- [Data to use]
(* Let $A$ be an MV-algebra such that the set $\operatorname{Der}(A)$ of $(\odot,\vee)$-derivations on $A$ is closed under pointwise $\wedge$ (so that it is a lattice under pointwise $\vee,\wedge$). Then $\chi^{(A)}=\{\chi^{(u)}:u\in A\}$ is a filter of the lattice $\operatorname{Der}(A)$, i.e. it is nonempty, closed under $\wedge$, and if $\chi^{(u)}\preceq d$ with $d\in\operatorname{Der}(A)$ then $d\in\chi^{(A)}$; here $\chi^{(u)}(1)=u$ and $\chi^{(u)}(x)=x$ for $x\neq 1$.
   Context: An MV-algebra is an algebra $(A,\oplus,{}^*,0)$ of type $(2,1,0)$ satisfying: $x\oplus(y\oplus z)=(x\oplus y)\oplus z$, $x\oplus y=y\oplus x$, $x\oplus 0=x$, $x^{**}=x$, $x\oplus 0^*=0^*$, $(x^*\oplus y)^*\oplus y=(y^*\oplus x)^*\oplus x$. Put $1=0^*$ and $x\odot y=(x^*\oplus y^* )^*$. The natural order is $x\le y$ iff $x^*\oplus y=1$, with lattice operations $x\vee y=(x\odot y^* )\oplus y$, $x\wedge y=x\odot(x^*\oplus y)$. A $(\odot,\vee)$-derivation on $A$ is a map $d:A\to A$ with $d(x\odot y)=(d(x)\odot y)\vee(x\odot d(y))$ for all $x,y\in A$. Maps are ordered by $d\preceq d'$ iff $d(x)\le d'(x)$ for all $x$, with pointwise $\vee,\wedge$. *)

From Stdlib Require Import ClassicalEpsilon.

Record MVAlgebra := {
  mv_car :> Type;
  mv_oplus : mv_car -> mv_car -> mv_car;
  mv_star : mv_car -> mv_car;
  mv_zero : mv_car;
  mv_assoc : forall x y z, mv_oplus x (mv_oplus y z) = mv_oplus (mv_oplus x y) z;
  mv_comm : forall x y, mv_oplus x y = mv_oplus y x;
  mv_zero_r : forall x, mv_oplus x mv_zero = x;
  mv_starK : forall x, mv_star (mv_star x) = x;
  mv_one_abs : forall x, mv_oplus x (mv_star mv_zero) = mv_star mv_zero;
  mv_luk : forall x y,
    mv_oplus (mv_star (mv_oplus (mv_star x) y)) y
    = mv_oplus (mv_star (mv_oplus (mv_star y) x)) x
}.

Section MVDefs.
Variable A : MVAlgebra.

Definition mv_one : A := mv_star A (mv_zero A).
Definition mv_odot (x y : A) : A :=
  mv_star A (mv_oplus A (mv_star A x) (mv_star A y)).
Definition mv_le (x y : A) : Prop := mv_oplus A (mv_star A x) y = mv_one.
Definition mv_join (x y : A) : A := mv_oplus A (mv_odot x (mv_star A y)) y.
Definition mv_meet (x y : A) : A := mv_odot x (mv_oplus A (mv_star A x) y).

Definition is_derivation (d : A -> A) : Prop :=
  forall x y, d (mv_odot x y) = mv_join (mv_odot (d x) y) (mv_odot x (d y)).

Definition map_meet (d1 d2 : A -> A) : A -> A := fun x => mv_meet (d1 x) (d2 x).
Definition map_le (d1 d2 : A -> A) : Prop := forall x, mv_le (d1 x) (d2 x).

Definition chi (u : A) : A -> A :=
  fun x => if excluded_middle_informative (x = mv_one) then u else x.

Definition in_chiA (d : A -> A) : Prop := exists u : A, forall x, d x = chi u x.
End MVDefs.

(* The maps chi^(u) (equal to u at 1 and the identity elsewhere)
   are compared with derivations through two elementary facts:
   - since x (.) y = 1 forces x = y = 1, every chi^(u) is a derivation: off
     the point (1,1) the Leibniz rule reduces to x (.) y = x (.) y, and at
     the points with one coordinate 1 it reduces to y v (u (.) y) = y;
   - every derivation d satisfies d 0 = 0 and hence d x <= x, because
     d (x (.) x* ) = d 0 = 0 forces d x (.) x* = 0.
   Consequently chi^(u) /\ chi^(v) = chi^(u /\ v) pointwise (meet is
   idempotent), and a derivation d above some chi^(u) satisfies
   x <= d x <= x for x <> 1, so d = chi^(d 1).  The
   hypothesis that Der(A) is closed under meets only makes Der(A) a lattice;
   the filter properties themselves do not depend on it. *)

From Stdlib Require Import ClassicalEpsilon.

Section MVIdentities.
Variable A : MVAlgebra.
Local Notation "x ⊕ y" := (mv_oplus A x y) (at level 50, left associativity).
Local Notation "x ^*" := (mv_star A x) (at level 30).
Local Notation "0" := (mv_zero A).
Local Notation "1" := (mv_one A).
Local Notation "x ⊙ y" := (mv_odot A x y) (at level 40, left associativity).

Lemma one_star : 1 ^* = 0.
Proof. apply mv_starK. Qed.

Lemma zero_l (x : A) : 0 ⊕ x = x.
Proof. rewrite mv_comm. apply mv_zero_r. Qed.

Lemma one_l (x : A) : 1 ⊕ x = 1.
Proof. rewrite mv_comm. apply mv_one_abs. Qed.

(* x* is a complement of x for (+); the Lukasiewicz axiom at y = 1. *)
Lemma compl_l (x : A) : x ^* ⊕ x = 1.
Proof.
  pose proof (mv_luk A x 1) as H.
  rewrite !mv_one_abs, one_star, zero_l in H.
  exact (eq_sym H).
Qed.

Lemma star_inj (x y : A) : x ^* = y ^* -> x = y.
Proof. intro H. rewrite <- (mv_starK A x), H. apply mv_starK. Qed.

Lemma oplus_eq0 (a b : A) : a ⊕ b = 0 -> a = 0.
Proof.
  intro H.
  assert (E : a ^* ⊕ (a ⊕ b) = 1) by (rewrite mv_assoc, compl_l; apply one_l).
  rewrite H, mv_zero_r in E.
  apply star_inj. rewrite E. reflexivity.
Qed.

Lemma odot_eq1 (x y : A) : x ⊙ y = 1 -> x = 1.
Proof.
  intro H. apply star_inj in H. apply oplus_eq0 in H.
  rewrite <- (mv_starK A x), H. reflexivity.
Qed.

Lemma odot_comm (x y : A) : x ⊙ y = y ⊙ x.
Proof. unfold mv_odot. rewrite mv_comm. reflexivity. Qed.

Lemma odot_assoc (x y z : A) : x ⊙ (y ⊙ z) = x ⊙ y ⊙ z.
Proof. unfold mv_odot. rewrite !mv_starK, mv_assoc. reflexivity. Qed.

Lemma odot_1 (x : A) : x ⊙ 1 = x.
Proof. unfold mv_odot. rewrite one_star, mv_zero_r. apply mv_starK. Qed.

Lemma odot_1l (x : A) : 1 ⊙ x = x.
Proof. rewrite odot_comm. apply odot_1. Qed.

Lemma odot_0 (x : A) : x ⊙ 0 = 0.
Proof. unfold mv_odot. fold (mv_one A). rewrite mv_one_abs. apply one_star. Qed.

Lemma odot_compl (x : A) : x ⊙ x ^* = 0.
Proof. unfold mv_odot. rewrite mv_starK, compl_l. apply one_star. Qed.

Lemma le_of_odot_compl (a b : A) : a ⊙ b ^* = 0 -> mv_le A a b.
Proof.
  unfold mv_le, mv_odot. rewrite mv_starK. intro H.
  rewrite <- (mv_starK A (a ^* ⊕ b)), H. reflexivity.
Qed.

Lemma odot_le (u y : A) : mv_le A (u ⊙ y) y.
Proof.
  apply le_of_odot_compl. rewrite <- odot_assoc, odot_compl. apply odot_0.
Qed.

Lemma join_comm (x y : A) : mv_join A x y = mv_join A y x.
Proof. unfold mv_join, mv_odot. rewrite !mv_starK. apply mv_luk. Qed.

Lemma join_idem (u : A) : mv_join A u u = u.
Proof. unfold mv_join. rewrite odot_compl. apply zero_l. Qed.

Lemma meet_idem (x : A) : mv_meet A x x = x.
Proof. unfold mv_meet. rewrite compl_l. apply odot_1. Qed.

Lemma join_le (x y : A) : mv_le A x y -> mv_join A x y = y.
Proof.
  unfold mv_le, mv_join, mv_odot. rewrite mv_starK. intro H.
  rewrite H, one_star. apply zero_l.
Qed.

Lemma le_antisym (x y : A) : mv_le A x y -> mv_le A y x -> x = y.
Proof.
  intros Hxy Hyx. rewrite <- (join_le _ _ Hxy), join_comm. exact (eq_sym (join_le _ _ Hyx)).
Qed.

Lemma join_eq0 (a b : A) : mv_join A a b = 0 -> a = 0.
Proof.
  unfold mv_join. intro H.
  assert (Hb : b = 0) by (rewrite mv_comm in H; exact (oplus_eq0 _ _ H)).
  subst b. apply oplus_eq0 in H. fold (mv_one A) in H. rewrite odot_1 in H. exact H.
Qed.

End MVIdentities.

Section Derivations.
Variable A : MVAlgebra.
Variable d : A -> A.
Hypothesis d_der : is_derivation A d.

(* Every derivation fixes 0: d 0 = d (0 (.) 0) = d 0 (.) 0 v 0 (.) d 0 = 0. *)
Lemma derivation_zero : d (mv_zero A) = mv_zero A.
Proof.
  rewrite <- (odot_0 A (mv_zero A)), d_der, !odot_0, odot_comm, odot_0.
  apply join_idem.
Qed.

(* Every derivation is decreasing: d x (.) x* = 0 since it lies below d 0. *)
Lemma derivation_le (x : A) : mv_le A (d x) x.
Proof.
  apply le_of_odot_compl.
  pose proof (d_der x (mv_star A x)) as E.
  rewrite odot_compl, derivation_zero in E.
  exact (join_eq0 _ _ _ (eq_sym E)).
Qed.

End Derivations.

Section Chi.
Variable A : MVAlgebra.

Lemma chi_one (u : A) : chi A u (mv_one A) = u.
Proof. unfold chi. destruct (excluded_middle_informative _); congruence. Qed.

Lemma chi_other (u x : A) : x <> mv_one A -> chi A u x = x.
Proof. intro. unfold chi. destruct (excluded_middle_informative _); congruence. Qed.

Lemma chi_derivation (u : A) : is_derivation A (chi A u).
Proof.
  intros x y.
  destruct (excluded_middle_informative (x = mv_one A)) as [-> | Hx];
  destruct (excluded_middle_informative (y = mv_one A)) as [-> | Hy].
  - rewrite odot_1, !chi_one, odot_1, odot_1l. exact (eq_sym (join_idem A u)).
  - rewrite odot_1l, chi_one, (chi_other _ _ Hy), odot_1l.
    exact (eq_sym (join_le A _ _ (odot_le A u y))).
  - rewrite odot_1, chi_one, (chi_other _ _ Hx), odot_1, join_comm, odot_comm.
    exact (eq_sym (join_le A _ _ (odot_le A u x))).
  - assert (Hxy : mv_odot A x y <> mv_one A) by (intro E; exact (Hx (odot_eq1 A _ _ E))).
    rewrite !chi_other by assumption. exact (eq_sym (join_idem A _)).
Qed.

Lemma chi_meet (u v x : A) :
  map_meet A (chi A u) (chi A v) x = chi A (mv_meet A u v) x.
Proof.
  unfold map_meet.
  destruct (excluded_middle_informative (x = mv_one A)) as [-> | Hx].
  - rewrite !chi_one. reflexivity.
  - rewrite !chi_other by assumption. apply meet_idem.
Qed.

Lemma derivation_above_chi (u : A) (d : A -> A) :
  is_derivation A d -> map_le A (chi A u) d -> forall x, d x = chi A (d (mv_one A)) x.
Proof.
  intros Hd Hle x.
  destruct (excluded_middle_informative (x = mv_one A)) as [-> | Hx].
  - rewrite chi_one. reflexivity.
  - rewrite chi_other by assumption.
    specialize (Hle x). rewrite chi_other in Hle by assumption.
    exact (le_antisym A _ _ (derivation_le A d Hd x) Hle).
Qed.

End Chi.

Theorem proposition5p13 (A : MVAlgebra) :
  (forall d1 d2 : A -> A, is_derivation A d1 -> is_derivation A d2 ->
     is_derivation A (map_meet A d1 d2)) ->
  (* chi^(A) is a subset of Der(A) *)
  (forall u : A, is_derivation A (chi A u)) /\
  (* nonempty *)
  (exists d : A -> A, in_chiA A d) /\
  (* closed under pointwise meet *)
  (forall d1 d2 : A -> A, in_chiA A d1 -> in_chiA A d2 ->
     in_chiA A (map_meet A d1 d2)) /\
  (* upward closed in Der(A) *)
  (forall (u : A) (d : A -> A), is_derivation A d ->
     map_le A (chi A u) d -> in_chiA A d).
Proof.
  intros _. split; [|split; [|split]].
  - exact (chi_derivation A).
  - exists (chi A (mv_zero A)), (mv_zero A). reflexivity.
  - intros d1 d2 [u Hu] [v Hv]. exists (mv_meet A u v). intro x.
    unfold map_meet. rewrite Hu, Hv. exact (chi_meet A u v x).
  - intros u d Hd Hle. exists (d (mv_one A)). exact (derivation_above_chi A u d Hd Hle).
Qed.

* * *

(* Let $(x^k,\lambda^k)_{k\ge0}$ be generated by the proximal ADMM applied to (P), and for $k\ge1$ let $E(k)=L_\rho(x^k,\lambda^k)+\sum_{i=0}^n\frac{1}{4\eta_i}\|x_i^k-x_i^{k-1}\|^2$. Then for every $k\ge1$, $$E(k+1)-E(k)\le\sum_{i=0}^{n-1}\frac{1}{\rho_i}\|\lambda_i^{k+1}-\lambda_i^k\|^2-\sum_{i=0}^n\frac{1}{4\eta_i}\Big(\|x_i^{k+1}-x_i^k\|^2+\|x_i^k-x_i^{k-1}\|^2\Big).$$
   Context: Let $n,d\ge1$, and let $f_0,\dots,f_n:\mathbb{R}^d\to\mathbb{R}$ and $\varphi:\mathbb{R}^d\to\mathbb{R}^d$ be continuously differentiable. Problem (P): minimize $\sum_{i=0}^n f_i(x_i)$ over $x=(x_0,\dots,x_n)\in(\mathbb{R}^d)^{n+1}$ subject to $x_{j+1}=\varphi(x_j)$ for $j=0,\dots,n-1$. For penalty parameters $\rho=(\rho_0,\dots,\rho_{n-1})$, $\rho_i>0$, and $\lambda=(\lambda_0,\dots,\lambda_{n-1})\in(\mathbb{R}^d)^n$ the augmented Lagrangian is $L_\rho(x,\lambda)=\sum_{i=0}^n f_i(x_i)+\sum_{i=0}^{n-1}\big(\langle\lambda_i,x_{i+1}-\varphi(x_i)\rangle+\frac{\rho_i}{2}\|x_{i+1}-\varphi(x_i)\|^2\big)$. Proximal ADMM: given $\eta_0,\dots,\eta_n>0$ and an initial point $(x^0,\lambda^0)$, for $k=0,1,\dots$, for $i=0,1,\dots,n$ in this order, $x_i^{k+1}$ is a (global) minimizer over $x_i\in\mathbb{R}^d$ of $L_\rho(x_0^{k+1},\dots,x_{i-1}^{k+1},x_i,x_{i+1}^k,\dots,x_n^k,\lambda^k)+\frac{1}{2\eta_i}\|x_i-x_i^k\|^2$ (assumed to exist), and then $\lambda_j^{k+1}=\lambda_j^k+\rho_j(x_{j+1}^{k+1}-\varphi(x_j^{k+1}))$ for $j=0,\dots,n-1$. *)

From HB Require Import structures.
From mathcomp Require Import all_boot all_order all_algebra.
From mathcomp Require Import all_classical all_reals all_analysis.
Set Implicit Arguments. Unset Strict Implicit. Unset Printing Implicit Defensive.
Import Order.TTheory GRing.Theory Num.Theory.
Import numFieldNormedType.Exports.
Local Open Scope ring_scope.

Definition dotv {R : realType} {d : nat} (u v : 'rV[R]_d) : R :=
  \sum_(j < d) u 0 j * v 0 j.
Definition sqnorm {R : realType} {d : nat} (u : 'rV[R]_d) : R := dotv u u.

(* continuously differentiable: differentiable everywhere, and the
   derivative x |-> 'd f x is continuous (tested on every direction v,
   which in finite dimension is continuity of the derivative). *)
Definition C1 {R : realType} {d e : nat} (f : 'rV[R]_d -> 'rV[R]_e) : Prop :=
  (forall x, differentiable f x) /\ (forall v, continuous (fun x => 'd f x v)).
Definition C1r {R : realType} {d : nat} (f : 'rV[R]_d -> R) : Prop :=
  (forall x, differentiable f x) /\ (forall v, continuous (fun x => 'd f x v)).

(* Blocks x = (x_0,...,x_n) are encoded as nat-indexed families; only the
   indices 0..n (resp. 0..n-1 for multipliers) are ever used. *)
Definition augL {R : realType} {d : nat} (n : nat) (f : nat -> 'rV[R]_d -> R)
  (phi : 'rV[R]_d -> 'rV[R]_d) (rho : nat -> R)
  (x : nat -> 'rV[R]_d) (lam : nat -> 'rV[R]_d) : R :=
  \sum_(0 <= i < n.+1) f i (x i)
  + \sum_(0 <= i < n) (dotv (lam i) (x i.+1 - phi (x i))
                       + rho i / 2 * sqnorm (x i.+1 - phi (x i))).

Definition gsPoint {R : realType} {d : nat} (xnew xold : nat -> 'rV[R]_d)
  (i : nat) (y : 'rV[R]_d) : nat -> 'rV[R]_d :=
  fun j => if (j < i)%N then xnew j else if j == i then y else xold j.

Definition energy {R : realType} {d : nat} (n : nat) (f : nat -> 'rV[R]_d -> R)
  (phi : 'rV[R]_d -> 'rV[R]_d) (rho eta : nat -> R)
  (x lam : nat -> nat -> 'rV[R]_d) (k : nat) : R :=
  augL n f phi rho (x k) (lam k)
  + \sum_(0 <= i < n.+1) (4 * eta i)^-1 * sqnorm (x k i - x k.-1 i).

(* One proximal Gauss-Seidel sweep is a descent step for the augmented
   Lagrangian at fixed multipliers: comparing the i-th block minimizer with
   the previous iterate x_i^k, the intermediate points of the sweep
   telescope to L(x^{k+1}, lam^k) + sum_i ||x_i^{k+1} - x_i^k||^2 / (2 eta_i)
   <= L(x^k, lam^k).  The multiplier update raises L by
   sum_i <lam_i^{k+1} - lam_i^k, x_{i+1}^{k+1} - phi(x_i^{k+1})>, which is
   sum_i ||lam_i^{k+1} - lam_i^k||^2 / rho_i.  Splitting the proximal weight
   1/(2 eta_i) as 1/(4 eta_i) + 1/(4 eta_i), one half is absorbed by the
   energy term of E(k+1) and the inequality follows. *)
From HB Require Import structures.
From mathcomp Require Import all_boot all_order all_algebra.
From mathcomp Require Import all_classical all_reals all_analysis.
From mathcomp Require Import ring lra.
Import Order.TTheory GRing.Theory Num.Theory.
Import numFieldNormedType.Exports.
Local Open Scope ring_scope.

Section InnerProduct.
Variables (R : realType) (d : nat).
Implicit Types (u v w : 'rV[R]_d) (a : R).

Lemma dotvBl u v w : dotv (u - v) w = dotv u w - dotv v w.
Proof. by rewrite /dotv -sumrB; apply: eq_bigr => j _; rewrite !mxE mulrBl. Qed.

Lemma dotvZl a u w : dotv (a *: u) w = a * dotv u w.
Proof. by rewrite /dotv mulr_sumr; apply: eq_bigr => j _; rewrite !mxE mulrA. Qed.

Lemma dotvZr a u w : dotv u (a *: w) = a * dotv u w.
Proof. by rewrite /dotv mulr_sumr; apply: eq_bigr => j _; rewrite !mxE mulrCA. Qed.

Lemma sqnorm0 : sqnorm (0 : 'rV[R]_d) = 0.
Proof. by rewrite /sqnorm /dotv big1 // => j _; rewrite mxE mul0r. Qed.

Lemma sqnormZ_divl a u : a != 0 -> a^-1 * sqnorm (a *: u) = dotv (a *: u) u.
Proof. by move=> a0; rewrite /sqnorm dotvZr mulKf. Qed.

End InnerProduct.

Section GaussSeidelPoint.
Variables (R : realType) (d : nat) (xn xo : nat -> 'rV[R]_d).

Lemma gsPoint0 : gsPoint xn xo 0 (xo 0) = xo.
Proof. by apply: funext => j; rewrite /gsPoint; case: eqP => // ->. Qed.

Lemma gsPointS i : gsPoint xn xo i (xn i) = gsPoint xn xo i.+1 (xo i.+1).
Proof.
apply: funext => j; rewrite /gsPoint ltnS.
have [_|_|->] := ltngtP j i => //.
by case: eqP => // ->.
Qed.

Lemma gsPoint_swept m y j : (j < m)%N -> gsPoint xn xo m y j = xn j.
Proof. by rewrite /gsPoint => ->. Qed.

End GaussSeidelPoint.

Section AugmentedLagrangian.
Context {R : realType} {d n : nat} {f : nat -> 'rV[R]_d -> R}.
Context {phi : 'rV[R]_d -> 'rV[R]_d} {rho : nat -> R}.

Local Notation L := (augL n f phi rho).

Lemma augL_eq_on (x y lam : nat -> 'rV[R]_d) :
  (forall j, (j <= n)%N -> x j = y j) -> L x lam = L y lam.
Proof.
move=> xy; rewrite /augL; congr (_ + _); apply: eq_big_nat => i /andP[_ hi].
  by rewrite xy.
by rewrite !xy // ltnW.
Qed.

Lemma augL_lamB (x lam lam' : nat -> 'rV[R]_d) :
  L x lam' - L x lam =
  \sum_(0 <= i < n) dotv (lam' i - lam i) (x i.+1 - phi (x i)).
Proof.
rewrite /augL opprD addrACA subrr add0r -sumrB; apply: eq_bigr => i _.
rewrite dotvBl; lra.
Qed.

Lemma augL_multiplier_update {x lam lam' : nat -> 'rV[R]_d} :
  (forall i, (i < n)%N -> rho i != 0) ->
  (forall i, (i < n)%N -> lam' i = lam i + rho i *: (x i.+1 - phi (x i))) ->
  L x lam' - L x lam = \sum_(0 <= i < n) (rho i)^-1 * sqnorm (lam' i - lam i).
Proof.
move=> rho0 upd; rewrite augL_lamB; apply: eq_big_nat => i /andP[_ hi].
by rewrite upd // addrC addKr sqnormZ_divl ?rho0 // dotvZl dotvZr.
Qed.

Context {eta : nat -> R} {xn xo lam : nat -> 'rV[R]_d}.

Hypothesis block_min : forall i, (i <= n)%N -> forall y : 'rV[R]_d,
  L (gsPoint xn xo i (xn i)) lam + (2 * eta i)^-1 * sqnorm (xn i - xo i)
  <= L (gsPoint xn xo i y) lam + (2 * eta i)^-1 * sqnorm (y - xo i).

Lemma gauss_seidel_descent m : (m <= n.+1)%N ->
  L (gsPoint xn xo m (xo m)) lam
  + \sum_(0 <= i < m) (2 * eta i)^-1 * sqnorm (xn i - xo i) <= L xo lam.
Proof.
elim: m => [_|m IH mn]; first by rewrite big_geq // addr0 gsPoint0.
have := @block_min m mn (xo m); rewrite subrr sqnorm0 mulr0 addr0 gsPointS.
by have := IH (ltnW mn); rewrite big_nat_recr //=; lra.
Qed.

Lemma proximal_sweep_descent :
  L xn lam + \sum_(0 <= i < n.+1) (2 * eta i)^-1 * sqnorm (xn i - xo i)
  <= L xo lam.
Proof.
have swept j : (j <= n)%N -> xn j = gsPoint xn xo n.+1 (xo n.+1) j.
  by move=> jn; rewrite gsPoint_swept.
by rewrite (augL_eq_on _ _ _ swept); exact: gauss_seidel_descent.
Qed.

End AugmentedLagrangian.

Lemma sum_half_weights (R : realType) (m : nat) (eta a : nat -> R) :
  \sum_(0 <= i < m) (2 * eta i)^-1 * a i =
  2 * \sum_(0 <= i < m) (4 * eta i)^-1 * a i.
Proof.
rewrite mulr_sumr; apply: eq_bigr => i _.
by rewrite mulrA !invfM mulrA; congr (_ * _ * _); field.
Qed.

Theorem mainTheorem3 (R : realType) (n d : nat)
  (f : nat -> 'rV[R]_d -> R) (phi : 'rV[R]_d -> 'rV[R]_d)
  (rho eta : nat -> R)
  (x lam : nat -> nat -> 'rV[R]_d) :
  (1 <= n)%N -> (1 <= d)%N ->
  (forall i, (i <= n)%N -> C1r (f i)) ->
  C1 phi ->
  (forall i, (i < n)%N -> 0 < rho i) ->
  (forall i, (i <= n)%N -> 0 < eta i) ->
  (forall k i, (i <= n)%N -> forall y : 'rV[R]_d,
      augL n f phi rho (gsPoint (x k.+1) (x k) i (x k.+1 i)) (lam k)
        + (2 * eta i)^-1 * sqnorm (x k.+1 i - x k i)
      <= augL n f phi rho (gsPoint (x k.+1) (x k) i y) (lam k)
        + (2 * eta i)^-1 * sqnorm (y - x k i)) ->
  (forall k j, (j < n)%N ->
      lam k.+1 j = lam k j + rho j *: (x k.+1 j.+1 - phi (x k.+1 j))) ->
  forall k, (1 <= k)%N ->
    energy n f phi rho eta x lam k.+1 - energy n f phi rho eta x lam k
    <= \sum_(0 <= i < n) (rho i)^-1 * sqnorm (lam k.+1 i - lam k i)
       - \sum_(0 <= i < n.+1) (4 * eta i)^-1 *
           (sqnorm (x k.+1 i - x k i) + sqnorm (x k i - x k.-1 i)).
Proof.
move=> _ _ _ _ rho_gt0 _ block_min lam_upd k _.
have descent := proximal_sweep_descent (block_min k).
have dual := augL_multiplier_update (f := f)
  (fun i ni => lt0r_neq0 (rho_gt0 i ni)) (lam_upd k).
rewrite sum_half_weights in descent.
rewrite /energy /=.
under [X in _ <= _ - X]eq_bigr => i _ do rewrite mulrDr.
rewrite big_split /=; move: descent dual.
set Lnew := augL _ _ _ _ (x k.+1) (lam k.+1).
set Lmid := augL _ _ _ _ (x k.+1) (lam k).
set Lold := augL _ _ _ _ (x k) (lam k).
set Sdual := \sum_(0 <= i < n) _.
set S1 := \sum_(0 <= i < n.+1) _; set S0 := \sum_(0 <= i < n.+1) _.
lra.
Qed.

- [Task]
For each line of the data that includes the word "xold", return a copy of it.

- [Exercise solution]
Definition gsPoint {R : realType} {d : nat} (xnew xold : nat -> 'rV[R]_d)
  fun j => if (j < i)%N then xnew j else if j == i then y else xold j.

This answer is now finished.